§ Exercise details:
Set down, please, exactly the lines below that run from the line with "Section Defs." to the line with "v0 r == v0)", both lines included.

§ Material shown:
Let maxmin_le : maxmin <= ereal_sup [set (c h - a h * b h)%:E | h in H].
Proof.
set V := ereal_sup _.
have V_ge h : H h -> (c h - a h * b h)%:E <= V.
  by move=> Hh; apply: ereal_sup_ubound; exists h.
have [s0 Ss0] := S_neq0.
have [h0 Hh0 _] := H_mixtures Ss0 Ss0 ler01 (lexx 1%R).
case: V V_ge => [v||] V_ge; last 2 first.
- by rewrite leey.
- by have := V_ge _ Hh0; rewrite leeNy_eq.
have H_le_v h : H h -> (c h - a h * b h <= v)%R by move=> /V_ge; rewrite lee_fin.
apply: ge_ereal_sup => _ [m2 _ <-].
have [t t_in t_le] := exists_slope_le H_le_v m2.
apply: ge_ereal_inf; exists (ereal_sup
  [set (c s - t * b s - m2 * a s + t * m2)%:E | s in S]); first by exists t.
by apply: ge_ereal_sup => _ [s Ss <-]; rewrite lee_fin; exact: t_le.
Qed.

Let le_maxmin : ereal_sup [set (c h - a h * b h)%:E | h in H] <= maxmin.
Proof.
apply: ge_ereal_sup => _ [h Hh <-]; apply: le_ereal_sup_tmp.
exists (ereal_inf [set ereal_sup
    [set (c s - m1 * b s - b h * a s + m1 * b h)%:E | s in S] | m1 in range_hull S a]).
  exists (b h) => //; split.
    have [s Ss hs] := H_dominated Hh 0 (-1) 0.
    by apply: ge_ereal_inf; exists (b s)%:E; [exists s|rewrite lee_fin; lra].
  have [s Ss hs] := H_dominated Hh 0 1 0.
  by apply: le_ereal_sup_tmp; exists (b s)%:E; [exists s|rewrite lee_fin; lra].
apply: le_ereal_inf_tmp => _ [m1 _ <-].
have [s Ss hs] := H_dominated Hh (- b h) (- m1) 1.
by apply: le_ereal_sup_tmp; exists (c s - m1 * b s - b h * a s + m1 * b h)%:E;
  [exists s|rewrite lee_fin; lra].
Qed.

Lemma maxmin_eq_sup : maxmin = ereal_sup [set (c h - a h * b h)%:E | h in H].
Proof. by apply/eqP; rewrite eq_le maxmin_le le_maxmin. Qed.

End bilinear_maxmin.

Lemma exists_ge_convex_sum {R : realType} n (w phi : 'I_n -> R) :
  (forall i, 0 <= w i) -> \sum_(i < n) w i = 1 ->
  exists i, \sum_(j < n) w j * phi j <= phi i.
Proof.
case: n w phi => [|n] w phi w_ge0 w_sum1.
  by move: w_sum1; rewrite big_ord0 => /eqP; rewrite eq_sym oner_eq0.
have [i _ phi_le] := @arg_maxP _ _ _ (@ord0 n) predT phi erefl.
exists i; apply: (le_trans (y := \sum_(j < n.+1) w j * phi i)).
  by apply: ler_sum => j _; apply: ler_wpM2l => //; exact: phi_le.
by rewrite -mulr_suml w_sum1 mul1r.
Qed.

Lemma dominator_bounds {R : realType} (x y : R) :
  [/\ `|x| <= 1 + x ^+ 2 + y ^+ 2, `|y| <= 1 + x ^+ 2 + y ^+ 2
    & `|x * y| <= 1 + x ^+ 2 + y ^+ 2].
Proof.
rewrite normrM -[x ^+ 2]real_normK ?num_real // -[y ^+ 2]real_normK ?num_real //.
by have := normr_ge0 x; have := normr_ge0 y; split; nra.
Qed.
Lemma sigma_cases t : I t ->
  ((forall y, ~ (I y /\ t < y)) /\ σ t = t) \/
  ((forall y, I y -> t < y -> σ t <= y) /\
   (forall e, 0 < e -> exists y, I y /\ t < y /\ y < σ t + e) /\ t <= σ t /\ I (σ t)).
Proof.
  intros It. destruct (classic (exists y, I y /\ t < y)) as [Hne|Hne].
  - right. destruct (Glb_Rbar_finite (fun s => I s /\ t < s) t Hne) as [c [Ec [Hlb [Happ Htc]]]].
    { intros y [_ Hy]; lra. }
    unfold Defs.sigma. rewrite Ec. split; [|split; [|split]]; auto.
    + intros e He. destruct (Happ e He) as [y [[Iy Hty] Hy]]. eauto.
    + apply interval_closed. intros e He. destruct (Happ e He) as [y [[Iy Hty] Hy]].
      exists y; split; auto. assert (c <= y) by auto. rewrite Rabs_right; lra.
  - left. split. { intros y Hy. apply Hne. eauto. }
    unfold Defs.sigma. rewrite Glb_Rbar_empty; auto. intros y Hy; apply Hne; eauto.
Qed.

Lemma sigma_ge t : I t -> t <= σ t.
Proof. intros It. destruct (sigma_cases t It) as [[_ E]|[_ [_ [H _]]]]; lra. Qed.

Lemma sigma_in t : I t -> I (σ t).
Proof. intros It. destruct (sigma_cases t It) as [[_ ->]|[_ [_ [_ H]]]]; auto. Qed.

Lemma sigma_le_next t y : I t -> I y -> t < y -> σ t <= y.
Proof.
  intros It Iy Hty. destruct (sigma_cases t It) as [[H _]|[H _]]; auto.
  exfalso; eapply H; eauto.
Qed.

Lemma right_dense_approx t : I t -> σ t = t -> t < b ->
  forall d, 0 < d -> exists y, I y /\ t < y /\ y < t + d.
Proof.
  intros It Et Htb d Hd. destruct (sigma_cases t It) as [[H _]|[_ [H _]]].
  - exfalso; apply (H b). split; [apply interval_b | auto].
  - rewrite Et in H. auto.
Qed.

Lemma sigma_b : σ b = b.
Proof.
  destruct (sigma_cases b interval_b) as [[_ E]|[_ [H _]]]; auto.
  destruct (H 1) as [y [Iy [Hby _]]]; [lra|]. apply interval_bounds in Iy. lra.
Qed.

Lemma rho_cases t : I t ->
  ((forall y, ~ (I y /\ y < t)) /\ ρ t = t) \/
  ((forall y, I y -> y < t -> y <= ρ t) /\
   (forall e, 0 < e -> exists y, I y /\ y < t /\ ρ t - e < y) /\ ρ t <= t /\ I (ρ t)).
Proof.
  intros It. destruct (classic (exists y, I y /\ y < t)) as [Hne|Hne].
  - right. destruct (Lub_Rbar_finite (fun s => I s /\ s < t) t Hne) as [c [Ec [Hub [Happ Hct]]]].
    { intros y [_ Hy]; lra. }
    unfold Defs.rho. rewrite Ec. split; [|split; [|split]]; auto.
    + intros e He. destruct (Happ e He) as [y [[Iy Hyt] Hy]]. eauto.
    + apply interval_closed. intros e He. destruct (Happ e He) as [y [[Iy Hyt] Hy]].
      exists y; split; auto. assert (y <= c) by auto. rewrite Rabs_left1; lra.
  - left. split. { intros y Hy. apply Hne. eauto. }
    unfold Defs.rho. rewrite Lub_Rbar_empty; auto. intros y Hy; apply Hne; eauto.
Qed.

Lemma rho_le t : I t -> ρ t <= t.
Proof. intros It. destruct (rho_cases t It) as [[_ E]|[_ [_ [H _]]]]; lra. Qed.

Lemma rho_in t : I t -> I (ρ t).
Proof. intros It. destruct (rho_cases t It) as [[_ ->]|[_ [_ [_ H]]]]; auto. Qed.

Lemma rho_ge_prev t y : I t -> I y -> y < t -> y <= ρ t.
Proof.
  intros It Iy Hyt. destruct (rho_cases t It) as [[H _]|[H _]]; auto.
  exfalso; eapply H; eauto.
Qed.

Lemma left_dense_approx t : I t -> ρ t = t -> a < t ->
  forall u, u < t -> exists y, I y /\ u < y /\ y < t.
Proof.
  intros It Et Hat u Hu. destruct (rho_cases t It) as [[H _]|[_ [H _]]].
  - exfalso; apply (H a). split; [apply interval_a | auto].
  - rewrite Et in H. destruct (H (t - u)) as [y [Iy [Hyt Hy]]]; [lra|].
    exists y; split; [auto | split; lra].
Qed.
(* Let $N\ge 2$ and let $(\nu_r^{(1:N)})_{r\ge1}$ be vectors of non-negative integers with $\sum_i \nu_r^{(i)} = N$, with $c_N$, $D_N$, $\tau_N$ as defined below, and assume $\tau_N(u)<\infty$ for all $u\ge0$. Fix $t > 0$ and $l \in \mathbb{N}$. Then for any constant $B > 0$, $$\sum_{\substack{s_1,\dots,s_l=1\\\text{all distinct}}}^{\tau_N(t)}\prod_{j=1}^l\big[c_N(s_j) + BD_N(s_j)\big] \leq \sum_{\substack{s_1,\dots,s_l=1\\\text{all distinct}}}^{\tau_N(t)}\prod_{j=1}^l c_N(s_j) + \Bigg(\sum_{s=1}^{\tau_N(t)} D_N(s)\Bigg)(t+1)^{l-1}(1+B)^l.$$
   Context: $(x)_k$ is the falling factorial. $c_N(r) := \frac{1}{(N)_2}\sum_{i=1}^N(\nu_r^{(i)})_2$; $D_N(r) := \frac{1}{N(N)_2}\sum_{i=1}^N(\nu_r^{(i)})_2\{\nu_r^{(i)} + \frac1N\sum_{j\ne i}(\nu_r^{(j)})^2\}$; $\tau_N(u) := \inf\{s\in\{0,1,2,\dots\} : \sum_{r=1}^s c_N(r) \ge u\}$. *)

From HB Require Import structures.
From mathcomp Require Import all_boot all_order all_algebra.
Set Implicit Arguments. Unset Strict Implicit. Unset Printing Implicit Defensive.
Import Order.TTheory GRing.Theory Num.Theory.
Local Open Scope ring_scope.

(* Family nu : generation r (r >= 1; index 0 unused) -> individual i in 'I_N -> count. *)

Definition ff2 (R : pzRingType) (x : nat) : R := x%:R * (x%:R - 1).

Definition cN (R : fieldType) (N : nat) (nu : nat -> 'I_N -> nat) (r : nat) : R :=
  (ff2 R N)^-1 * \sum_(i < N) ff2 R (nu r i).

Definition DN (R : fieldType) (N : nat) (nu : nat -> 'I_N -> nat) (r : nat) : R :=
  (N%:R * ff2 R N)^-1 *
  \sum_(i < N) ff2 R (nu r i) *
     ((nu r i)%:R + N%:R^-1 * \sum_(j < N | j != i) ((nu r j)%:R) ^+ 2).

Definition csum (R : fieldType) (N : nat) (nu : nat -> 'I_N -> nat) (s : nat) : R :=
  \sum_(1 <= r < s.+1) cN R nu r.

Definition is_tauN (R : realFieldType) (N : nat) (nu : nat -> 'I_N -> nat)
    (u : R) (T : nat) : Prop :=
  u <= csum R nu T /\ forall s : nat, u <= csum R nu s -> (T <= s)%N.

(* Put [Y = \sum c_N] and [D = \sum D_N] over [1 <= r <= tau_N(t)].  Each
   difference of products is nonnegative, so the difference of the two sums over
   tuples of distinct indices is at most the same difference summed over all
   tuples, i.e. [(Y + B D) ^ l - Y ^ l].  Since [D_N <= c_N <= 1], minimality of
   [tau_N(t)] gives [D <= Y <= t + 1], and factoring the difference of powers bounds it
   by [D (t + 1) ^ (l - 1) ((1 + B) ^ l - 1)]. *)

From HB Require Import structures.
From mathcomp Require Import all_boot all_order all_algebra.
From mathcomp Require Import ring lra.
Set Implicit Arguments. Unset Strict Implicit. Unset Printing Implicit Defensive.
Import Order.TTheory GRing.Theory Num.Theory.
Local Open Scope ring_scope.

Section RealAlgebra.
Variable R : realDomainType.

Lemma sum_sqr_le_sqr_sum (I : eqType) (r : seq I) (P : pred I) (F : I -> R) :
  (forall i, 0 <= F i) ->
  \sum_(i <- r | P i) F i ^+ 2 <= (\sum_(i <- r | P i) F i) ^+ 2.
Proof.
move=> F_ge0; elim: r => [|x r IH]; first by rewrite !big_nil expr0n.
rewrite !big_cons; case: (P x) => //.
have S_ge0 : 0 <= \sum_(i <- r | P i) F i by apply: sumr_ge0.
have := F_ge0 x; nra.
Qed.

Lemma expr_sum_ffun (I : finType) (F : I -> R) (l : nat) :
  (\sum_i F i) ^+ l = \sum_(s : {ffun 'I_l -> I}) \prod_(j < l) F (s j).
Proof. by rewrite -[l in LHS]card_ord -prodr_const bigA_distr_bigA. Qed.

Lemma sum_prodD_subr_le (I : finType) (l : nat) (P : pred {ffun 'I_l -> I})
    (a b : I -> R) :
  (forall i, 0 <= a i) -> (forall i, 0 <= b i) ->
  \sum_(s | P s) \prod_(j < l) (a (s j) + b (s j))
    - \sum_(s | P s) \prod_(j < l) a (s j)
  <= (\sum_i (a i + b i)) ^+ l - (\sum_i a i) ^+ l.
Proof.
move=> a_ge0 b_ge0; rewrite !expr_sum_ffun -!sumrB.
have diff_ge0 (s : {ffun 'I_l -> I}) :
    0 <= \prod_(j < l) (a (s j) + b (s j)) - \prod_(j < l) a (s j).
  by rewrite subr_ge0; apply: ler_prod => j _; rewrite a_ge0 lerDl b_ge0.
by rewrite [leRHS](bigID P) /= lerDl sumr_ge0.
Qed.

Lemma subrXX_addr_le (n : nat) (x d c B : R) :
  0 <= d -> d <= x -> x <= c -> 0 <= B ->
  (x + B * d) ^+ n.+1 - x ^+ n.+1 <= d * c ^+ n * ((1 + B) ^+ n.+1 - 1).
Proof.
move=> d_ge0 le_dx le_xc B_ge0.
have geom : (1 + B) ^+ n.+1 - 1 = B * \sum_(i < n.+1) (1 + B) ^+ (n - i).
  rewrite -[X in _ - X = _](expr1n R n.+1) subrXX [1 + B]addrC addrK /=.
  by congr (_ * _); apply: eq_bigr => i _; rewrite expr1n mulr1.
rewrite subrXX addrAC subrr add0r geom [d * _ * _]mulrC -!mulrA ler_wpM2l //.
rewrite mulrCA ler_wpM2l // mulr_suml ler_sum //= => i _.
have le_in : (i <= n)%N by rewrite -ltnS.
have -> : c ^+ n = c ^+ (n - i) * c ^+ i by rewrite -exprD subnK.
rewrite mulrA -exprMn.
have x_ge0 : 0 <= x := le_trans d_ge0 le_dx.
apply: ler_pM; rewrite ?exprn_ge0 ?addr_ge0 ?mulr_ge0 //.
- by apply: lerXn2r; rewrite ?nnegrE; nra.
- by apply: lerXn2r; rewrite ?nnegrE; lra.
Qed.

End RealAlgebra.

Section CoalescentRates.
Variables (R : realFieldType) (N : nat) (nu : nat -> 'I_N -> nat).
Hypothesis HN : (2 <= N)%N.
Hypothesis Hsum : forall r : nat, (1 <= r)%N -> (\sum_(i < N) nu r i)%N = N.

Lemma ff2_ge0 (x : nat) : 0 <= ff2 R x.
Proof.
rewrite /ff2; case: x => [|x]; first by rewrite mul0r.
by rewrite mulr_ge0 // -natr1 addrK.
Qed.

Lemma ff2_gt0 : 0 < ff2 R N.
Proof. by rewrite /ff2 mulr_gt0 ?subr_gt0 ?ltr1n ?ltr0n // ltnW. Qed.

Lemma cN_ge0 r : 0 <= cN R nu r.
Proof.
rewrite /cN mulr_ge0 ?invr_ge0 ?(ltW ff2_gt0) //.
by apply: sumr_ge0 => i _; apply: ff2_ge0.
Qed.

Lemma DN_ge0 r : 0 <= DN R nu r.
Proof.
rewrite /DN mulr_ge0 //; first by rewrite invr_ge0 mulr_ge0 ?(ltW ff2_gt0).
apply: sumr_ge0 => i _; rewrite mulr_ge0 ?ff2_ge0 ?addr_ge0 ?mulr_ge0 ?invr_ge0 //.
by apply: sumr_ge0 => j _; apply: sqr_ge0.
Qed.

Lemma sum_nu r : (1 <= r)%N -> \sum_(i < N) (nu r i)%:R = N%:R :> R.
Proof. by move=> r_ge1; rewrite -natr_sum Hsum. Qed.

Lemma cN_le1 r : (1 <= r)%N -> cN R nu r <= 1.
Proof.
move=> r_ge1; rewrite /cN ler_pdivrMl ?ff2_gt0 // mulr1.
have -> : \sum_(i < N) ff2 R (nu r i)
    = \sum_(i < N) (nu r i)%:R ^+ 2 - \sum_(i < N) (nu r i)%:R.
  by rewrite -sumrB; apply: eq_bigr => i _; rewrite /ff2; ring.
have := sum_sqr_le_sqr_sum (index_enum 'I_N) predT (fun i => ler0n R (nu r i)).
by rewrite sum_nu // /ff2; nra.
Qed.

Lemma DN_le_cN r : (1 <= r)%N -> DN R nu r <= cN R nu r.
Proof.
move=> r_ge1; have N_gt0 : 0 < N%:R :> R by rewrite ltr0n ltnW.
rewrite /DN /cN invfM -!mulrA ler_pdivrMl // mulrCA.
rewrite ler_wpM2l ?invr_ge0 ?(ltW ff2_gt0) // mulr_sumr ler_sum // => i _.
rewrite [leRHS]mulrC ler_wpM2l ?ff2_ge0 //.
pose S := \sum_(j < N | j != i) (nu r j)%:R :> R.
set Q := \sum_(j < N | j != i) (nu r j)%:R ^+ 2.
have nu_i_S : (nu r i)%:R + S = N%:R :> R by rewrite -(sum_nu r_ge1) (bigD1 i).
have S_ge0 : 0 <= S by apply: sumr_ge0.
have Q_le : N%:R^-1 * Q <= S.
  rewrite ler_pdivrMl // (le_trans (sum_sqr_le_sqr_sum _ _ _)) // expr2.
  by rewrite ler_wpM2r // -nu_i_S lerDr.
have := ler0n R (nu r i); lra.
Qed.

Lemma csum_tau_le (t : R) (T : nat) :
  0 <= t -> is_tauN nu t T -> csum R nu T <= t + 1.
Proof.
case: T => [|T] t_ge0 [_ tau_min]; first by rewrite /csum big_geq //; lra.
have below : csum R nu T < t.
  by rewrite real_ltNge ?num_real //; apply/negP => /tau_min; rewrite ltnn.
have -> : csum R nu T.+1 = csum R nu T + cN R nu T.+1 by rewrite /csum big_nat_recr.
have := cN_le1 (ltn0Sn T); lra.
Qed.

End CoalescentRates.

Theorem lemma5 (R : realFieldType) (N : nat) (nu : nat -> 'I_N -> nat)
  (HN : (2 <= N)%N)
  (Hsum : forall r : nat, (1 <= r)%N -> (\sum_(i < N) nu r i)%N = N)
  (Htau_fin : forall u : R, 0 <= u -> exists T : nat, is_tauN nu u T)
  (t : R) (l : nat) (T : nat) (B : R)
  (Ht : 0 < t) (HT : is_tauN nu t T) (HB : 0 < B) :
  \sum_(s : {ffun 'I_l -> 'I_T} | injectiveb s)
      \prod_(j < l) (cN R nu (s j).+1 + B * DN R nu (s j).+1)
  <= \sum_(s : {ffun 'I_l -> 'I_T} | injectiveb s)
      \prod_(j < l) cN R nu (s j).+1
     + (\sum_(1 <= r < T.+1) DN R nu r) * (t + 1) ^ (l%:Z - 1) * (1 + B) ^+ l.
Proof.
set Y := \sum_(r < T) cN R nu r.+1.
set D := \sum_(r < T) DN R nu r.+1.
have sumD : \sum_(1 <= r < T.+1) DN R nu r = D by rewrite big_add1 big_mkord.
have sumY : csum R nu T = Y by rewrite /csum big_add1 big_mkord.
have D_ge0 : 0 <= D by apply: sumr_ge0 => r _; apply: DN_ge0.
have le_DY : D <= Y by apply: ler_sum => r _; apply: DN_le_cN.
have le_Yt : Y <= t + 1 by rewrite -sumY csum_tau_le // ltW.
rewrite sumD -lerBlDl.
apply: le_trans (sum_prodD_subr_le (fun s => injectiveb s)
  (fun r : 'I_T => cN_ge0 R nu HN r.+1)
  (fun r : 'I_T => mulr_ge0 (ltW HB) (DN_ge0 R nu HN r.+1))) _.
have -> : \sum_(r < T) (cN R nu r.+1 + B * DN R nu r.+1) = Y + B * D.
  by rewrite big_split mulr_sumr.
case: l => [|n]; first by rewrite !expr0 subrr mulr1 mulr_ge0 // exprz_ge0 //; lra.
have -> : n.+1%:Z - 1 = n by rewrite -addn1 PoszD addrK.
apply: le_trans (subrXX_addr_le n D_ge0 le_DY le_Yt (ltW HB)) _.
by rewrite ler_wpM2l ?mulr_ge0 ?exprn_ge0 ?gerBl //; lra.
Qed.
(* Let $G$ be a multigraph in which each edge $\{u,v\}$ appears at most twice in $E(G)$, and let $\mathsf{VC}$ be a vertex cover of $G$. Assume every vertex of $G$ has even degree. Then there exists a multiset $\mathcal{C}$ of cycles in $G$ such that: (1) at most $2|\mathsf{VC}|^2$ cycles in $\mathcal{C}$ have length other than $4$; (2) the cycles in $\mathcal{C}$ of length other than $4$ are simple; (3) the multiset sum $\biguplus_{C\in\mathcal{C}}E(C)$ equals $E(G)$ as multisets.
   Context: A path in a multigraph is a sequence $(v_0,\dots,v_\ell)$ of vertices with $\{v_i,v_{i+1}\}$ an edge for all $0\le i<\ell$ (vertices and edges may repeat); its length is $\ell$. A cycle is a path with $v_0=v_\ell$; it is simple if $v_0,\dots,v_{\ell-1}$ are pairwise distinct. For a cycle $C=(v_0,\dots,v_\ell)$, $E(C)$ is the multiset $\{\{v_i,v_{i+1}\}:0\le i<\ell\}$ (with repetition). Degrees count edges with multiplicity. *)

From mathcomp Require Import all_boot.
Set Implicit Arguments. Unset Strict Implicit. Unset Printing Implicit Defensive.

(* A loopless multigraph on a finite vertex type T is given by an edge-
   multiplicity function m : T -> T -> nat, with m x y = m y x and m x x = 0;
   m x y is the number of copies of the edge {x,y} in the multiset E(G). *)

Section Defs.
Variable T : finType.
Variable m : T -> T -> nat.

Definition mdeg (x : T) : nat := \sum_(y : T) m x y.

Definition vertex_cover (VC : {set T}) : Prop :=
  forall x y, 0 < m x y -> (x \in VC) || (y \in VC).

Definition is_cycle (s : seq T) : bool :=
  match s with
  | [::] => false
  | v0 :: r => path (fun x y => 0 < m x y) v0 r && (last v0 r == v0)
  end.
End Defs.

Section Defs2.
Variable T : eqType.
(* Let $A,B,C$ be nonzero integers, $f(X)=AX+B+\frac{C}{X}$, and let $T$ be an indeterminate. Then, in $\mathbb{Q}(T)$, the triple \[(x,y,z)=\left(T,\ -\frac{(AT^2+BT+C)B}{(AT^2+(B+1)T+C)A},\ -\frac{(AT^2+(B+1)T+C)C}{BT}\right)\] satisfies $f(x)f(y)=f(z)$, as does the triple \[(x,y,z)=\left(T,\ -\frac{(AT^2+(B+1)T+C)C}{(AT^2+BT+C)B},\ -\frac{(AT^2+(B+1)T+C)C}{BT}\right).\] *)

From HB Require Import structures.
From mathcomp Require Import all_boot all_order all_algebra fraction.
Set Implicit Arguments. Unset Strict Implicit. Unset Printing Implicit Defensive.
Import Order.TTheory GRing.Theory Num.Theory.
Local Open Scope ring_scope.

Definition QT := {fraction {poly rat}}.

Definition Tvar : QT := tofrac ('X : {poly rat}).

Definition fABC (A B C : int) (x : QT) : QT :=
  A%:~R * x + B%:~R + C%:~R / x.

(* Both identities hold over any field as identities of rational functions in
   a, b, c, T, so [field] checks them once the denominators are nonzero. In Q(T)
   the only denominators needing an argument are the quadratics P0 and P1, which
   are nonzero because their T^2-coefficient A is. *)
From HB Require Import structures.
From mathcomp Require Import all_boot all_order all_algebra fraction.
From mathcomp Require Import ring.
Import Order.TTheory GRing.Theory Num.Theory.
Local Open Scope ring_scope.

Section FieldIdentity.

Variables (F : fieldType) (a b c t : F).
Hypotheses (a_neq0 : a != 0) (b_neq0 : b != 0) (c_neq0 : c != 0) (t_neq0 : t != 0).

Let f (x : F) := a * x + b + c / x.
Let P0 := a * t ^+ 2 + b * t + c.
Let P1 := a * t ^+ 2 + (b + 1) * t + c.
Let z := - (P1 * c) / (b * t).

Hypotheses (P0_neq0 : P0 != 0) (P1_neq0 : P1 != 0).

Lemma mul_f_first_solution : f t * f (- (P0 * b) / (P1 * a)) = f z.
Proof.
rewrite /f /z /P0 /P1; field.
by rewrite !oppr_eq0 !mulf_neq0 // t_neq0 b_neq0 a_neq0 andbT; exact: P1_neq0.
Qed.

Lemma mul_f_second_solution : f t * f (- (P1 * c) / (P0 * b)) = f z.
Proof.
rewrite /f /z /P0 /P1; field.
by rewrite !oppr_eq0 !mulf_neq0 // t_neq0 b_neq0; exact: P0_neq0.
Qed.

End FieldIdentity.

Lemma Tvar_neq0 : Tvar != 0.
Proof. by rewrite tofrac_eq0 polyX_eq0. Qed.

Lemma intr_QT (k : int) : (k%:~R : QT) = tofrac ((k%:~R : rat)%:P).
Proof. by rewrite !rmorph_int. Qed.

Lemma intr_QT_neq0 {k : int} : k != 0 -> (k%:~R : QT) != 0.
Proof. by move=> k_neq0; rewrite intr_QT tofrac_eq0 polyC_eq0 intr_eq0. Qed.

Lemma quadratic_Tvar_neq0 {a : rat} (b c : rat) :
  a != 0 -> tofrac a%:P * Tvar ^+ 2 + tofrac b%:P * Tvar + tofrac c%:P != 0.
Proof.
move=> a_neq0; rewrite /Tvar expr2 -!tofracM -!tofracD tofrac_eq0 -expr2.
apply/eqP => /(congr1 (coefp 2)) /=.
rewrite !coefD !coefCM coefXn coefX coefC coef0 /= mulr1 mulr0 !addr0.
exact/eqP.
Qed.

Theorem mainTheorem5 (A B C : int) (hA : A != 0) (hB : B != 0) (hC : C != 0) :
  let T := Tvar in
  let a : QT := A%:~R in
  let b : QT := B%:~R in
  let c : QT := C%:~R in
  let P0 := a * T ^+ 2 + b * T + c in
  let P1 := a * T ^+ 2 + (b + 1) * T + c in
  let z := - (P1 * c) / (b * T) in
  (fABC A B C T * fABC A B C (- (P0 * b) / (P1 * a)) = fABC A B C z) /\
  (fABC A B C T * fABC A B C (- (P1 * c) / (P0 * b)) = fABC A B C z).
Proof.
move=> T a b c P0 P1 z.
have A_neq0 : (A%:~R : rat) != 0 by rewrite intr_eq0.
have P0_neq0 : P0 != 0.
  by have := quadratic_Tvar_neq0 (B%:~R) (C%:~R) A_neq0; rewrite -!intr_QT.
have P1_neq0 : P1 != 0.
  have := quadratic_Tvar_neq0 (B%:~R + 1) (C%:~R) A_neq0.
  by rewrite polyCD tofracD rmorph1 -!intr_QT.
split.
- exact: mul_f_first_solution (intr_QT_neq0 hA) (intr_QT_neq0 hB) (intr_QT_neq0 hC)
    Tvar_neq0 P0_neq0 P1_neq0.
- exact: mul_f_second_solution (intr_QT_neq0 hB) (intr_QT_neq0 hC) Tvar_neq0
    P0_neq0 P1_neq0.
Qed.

§ Answer space:
Section Defs.
Variable T : finType.
Variable m : T -> T -> nat.

Definition mdeg (x : T) : nat := \sum_(y : T) m x y.

Definition vertex_cover (VC : {set T}) : Prop :=
  forall x y, 0 < m x y -> (x \in VC) || (y \in VC).

Definition is_cycle (s : seq T) : bool :=
  match s with
  | [::] => false
  | v0 :: r => path (fun x y => 0 < m x y) v0 r && (last v0 r == v0)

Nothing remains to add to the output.